** Opening THE RECORDS block **
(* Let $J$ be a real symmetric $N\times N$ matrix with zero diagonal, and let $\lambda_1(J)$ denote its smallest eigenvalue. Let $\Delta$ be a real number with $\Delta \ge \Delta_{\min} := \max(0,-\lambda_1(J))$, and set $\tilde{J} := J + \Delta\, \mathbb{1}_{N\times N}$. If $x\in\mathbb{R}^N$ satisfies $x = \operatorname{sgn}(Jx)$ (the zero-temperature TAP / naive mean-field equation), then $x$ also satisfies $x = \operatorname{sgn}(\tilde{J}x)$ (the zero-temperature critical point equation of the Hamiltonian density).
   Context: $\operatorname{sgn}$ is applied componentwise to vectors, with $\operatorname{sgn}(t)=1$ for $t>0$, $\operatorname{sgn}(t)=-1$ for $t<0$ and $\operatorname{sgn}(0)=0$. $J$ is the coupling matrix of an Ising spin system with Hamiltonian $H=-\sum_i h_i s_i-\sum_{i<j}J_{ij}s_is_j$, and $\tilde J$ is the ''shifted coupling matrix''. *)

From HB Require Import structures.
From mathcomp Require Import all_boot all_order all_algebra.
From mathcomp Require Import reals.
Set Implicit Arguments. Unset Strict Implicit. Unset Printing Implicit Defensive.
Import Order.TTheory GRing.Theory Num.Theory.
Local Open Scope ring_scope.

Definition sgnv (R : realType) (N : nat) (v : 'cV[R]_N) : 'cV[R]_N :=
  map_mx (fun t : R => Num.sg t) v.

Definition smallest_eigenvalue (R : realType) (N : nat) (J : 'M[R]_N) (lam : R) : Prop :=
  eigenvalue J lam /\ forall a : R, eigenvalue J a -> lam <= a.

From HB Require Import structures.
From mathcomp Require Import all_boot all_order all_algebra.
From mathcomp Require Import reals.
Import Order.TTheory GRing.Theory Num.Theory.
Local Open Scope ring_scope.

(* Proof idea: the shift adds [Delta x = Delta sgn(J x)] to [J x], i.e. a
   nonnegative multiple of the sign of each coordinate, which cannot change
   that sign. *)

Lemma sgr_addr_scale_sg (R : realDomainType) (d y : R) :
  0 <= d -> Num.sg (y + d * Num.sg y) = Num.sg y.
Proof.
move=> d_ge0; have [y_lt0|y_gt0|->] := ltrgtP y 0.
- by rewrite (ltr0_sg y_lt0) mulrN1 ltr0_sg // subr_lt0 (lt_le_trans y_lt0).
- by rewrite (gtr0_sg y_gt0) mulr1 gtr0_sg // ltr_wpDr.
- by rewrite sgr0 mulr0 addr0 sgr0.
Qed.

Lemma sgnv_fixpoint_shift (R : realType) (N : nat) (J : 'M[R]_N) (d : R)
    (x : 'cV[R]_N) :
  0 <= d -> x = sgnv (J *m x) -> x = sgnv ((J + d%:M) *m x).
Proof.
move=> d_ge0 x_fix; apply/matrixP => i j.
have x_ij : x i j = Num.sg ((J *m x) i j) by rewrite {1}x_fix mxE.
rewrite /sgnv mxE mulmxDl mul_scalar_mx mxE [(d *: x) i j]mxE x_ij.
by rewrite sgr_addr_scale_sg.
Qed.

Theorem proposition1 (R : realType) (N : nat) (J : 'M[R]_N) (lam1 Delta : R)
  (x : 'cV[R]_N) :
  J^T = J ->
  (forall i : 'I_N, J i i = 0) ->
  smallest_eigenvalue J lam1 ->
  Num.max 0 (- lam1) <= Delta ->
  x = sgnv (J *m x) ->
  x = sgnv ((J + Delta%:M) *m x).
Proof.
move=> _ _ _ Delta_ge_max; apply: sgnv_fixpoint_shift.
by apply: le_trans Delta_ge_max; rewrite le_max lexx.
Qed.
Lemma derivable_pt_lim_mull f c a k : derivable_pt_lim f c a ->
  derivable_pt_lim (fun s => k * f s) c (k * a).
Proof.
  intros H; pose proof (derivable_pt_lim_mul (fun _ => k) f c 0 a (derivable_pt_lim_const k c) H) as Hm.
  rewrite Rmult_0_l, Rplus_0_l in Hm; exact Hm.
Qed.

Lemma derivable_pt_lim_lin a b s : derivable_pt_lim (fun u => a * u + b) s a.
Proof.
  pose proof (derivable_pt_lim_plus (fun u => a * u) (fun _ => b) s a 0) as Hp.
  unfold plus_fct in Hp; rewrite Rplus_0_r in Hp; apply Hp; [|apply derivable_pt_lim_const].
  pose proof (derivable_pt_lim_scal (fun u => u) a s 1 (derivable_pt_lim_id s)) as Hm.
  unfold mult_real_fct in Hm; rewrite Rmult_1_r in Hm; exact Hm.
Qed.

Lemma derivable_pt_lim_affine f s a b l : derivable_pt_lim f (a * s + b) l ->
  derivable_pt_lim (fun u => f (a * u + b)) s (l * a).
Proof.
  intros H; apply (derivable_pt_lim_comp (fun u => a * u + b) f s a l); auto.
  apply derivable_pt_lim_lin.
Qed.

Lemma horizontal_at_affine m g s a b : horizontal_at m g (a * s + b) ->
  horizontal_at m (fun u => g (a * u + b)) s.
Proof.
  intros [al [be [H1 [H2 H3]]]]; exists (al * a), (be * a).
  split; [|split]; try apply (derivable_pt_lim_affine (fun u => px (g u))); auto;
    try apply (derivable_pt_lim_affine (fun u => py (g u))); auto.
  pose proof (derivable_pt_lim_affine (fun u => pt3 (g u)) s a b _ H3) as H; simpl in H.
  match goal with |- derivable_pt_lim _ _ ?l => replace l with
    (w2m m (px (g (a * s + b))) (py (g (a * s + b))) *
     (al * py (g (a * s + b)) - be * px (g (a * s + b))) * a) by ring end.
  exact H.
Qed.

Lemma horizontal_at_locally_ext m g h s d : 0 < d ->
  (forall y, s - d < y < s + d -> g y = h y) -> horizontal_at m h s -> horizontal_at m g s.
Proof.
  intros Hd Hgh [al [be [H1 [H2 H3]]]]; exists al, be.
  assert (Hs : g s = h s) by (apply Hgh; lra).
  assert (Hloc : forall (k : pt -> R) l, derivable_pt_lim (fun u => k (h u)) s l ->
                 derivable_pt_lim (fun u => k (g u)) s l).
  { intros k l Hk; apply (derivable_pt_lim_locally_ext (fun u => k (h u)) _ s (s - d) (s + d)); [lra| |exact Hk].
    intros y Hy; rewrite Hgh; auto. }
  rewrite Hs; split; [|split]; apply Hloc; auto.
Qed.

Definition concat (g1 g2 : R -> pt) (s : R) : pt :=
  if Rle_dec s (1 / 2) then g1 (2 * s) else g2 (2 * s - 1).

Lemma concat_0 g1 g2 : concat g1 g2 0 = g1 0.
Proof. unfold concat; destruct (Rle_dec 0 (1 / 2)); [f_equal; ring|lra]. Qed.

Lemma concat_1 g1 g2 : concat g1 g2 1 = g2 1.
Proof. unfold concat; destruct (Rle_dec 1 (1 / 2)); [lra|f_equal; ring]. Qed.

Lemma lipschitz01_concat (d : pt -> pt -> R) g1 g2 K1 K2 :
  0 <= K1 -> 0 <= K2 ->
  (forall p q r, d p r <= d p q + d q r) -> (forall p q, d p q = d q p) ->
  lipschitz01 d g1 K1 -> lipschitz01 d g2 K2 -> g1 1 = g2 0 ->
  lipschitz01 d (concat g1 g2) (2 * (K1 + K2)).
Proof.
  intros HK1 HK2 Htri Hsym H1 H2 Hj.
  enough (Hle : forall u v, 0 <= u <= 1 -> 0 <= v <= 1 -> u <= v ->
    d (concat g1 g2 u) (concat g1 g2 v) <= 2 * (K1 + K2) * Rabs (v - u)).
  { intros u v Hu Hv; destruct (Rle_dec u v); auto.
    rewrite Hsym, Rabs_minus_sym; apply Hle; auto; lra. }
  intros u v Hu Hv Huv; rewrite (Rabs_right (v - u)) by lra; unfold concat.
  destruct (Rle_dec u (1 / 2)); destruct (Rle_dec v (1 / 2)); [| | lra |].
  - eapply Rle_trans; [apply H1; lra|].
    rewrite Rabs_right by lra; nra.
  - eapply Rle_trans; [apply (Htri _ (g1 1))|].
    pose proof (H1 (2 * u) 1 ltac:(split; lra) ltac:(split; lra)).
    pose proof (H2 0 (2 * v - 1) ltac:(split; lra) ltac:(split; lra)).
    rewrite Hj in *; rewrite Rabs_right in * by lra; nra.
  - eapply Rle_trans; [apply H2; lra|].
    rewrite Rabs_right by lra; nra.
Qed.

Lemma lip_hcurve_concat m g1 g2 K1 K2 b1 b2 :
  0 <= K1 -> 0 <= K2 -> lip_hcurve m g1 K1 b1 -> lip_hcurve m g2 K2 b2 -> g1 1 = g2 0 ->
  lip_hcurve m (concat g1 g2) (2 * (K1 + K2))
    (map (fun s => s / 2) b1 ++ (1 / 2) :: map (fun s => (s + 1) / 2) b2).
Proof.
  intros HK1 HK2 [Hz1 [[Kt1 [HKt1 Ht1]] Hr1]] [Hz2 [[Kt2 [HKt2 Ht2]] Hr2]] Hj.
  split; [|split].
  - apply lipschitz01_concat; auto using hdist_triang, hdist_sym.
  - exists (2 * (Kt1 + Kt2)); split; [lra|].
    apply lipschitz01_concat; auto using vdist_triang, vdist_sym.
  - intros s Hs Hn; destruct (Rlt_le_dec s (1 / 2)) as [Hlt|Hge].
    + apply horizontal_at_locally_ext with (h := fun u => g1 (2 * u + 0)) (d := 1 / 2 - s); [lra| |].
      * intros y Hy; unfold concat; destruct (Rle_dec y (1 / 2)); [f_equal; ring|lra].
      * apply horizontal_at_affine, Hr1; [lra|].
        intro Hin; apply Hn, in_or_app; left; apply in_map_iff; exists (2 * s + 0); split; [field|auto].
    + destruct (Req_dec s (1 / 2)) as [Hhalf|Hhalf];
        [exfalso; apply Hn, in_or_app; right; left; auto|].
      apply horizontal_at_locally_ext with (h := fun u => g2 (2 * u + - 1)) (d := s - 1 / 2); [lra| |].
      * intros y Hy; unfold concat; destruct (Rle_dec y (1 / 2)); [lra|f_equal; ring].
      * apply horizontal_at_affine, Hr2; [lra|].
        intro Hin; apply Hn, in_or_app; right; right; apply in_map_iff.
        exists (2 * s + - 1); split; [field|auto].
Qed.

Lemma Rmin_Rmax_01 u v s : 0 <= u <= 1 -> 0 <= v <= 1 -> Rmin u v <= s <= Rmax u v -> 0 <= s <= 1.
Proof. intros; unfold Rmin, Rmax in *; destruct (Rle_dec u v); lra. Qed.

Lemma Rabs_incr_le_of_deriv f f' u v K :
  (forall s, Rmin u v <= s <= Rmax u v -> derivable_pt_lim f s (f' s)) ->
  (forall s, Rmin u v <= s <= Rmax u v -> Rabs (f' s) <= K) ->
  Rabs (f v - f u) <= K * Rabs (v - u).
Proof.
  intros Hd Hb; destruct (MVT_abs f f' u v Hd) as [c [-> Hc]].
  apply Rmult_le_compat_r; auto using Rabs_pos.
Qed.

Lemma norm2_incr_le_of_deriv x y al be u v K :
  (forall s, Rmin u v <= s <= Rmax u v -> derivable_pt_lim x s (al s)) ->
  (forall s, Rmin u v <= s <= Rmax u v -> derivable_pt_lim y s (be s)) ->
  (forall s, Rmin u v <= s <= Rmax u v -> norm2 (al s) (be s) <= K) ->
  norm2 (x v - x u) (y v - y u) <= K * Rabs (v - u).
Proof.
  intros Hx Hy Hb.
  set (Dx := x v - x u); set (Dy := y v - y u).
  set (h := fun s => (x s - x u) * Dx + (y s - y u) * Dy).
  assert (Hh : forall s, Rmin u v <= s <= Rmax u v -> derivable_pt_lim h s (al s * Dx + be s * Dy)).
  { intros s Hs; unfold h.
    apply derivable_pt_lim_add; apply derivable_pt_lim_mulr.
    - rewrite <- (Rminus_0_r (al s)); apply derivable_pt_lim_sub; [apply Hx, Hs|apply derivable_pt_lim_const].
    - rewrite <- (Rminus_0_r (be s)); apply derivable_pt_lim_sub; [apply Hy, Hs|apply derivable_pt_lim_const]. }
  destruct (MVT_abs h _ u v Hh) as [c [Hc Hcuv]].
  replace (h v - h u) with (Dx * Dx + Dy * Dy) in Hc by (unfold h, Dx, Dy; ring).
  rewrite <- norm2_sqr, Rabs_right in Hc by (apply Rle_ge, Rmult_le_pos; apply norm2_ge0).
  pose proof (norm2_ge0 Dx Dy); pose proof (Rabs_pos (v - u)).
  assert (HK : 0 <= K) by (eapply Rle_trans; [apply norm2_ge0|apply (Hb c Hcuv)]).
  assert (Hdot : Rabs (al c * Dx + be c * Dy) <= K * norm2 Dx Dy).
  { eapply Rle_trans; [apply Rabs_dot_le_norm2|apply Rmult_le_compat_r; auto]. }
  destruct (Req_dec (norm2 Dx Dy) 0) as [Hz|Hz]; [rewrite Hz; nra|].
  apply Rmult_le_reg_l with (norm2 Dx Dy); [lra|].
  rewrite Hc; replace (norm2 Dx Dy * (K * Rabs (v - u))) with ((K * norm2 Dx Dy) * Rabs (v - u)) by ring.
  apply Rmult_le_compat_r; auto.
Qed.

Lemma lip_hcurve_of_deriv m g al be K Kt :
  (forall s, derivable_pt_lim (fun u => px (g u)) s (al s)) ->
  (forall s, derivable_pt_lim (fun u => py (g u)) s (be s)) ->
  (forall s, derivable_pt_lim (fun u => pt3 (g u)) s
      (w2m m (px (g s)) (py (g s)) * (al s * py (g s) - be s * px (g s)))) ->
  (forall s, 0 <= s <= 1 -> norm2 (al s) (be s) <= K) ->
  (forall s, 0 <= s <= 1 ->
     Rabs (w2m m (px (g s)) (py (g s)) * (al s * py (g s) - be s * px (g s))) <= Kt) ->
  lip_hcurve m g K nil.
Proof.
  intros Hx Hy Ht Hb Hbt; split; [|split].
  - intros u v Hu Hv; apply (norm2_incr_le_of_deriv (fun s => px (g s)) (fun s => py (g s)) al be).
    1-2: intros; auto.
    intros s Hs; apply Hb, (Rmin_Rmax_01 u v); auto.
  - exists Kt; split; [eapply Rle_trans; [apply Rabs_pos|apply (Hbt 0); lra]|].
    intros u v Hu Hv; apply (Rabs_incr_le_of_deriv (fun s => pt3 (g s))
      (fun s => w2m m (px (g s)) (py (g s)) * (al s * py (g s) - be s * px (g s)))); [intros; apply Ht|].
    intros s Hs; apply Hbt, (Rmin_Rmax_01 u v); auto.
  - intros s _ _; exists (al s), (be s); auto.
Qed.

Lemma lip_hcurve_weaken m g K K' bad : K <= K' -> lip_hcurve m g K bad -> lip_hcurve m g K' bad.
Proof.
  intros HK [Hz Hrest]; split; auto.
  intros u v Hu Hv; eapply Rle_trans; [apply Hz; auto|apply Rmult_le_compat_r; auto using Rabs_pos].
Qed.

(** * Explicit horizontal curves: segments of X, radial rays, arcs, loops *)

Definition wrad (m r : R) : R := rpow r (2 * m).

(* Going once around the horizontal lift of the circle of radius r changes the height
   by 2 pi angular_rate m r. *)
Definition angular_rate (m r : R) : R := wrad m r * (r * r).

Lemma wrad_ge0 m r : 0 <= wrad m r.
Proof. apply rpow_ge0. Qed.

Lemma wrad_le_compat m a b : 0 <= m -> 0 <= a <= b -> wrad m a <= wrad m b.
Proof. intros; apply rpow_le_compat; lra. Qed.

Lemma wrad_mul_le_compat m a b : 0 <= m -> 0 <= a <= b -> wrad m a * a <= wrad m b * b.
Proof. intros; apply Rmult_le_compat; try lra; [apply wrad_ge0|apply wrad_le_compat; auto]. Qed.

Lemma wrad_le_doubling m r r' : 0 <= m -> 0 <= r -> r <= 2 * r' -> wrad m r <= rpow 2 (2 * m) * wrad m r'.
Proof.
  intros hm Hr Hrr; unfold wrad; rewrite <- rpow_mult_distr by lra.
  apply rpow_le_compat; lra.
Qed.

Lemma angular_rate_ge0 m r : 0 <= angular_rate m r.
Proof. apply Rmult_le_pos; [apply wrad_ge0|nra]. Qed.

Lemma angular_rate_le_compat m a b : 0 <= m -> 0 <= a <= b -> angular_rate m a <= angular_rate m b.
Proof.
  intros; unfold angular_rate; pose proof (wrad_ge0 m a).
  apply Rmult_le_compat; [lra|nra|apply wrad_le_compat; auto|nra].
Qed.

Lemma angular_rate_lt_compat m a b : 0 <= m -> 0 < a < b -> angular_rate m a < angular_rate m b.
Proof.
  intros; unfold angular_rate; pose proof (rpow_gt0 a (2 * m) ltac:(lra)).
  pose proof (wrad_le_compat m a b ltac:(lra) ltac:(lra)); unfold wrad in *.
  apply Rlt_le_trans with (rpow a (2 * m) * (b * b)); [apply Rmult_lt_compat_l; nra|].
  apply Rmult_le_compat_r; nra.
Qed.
** Closing THE RECORDS block **
▸ **ASSIGNMENT**: Find the line with "0 <= K1 -> 0 <= K2 -> lip_hcurve" in the material above. Reproduce it and each line after it up to and including the line with "- intros s Hs".

▸ **YOUR SOLUTION**:
  0 <= K1 -> 0 <= K2 -> lip_hcurve m g1 K1 b1 -> lip_hcurve m g2 K2 b2 -> g1 1 = g2 0 ->
  lip_hcurve m (concat g1 g2) (2 * (K1 + K2))
    (map (fun s => s / 2) b1 ++ (1 / 2) :: map (fun s => (s + 1) / 2) b2).
Proof.
  intros HK1 HK2 [Hz1 [[Kt1 [HKt1 Ht1]] Hr1]] [Hz2 [[Kt2 [HKt2 Ht2]] Hr2]] Hj.
  split; [|split].
  - apply lipschitz01_concat; auto using hdist_triang, hdist_sym.
  - exists (2 * (Kt1 + Kt2)); split; [lra|].
    apply lipschitz01_concat; auto using vdist_triang, vdist_sym.
  - intros s Hs Hn; destruct (Rlt_le_dec s (1 / 2)) as [Hlt|Hge].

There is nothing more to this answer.